++++ STORED DATA
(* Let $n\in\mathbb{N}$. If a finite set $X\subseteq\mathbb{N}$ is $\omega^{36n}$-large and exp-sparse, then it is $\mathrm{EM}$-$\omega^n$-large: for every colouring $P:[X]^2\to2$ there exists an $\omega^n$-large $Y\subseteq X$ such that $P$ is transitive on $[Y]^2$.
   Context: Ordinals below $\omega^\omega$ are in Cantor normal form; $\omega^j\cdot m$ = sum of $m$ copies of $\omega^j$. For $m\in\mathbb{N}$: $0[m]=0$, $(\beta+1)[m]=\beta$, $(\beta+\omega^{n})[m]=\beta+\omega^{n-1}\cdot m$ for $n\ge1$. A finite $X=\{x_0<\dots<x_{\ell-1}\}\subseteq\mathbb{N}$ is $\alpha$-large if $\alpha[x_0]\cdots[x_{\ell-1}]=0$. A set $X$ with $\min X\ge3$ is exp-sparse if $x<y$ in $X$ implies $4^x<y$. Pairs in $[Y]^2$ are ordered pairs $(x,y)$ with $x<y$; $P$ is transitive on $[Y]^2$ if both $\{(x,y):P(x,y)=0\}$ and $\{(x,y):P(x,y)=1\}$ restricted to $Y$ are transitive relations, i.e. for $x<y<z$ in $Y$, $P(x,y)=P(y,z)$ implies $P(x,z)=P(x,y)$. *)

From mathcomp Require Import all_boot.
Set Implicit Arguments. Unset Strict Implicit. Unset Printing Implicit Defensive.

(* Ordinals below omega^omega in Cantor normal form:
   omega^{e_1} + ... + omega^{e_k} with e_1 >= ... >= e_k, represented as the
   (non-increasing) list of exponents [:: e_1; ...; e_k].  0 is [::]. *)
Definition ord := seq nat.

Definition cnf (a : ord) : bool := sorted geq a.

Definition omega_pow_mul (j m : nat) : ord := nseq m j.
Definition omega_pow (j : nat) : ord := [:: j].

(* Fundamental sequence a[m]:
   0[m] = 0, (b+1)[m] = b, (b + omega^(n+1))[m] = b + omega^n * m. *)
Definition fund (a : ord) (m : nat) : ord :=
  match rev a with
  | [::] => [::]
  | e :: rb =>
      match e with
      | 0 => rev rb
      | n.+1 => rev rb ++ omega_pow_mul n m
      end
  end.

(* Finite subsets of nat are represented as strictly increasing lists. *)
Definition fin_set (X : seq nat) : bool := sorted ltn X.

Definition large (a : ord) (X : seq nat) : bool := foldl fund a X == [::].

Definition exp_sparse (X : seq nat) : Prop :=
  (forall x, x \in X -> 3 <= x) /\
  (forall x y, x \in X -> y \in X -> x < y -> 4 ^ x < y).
++++++++
++++ STORED DATA
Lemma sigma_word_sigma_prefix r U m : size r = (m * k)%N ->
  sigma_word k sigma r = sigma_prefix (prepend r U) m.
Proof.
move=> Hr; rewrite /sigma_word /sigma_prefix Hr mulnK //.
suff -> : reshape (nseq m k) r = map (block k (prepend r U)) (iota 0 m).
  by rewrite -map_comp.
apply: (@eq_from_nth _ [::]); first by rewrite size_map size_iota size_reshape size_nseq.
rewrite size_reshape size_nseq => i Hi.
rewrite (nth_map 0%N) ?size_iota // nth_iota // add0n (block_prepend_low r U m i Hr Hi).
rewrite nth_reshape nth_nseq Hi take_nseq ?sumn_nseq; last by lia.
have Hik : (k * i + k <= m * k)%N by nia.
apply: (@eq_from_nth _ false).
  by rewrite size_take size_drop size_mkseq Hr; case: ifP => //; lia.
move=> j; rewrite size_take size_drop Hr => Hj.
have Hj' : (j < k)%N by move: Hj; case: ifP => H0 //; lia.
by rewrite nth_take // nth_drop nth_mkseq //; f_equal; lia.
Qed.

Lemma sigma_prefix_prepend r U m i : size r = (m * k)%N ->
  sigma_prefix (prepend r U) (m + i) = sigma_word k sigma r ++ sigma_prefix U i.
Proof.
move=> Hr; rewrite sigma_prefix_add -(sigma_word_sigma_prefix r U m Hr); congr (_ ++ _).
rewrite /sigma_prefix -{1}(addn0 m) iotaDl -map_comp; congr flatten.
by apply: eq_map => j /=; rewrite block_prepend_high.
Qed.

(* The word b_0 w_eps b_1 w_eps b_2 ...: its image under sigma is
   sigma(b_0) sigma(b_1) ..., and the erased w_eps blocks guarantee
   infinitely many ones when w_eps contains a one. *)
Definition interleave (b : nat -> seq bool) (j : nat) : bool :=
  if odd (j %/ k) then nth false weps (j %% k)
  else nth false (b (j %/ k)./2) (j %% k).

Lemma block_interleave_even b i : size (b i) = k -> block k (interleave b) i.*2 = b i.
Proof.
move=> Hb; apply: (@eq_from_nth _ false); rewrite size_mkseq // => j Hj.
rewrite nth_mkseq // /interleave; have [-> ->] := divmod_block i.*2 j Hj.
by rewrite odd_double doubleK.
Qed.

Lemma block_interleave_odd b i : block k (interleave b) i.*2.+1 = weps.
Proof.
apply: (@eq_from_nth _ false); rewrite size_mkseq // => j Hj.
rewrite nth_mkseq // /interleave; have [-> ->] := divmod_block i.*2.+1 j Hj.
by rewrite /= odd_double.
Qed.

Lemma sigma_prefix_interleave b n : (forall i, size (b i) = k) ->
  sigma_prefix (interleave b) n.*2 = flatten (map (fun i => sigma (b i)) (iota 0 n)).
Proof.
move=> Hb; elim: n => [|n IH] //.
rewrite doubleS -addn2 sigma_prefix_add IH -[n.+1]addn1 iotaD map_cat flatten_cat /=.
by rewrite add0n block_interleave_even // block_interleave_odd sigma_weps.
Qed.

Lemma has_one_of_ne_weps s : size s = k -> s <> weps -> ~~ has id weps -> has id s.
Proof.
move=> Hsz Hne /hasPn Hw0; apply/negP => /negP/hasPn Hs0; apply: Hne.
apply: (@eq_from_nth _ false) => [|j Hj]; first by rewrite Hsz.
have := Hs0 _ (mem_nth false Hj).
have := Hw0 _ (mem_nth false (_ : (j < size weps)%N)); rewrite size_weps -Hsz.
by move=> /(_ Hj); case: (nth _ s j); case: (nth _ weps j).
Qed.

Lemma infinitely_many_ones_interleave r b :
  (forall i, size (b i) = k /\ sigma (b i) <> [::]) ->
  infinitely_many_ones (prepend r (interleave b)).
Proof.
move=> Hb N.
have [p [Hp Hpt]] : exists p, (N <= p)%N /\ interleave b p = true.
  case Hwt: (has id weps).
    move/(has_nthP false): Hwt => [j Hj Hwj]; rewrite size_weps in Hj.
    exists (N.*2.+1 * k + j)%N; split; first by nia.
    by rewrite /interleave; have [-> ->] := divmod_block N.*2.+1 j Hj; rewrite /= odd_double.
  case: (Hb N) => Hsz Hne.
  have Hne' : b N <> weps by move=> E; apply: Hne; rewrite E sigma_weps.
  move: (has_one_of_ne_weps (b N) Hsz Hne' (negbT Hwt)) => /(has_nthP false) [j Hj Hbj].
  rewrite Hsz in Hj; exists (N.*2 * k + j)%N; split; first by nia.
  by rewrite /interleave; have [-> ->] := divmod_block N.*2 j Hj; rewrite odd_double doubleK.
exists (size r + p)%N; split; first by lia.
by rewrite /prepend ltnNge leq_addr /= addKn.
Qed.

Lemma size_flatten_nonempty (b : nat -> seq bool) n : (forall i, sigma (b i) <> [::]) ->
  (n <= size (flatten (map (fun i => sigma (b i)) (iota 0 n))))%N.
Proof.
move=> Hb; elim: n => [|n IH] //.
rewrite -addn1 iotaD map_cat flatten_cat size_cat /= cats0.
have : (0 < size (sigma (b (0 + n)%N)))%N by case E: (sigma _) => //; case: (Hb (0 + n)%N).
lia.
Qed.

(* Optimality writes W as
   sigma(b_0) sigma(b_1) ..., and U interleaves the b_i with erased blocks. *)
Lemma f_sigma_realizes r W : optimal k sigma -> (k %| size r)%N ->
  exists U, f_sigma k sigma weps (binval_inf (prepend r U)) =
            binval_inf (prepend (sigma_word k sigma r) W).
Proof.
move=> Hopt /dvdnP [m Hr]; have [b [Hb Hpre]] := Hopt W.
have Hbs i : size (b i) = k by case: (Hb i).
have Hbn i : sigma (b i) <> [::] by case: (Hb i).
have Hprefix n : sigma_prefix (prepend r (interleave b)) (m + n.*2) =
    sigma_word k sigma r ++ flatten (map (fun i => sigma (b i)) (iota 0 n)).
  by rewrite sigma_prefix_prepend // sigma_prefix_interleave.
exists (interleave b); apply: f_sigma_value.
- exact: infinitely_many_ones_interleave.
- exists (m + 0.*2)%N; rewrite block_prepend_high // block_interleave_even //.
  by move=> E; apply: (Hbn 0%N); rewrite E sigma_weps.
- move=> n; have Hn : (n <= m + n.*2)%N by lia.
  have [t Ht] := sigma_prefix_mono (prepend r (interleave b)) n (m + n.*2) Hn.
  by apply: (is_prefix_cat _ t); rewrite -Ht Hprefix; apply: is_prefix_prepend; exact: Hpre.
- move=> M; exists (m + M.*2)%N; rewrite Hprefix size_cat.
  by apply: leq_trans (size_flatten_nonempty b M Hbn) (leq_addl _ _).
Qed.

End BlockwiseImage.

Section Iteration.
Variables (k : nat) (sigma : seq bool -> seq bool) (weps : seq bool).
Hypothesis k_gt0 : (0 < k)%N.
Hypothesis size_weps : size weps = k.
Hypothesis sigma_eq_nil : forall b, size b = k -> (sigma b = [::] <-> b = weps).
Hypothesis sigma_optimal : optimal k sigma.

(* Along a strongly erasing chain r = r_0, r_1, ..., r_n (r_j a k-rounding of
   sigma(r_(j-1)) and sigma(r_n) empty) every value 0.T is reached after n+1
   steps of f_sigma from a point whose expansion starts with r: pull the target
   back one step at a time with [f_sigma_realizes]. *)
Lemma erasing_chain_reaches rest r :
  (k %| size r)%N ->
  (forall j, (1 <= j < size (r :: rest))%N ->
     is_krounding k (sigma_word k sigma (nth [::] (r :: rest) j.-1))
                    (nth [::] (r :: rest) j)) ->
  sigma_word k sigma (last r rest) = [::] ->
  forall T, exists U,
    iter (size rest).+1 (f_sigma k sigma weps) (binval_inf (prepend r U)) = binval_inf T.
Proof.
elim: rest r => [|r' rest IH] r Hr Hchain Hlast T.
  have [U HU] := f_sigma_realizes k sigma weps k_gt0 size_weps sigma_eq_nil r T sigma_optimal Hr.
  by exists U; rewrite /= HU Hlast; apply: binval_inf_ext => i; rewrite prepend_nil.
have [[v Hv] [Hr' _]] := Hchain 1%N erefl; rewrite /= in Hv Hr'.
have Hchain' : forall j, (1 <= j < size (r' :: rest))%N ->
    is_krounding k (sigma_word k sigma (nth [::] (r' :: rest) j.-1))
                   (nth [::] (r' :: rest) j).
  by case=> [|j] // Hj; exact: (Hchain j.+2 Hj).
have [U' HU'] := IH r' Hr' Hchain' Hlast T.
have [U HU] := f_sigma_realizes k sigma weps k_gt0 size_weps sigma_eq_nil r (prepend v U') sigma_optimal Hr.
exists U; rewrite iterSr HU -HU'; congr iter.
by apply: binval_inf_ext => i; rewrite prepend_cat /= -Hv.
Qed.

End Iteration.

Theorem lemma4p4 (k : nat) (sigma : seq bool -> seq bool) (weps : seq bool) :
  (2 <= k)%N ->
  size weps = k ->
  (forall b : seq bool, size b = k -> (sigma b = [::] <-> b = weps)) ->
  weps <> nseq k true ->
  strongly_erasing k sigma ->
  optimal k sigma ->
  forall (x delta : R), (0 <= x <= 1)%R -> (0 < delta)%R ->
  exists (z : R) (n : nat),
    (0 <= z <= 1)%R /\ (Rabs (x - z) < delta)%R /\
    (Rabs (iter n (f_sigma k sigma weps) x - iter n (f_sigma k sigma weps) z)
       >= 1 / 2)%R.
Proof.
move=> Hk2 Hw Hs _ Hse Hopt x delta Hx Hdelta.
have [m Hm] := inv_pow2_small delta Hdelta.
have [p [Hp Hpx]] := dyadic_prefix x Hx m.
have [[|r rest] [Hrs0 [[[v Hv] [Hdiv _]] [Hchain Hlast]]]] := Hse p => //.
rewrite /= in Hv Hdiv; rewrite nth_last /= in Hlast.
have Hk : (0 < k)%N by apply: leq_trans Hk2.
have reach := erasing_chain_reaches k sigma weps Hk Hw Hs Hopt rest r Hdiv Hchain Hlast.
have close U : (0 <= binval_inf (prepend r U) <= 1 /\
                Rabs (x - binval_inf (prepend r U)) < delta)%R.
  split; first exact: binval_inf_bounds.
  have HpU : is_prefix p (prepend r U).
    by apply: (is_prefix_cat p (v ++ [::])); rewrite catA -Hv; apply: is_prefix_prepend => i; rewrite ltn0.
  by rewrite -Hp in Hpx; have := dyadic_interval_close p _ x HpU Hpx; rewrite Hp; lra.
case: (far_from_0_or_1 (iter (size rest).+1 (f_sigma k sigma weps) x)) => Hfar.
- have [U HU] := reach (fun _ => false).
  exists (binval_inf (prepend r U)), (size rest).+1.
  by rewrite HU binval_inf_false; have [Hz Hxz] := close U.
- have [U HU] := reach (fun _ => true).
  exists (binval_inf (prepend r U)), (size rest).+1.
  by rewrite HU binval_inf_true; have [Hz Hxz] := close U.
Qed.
++++++++
▸ **DESCRIPTION OF THE TASK**
When you reach the line containing "match e with" in the data above, start copying exactly, and stop after the line containing "(forall x y, x".

▸ **RESPONSE BOX**
      match e with
      | 0 => rev rb
      | n.+1 => rev rb ++ omega_pow_mul n m
      end
  end.

(* Finite subsets of nat are represented as strictly increasing lists. *)
Definition fin_set (X : seq nat) : bool := sorted ltn X.

Definition large (a : ord) (X : seq nat) : bool := foldl fund a X == [::].

Definition exp_sparse (X : seq nat) : Prop :=
  (forall x, x \in X -> 3 <= x) /\
  (forall x y, x \in X -> y \in X -> x < y -> 4 ^ x < y).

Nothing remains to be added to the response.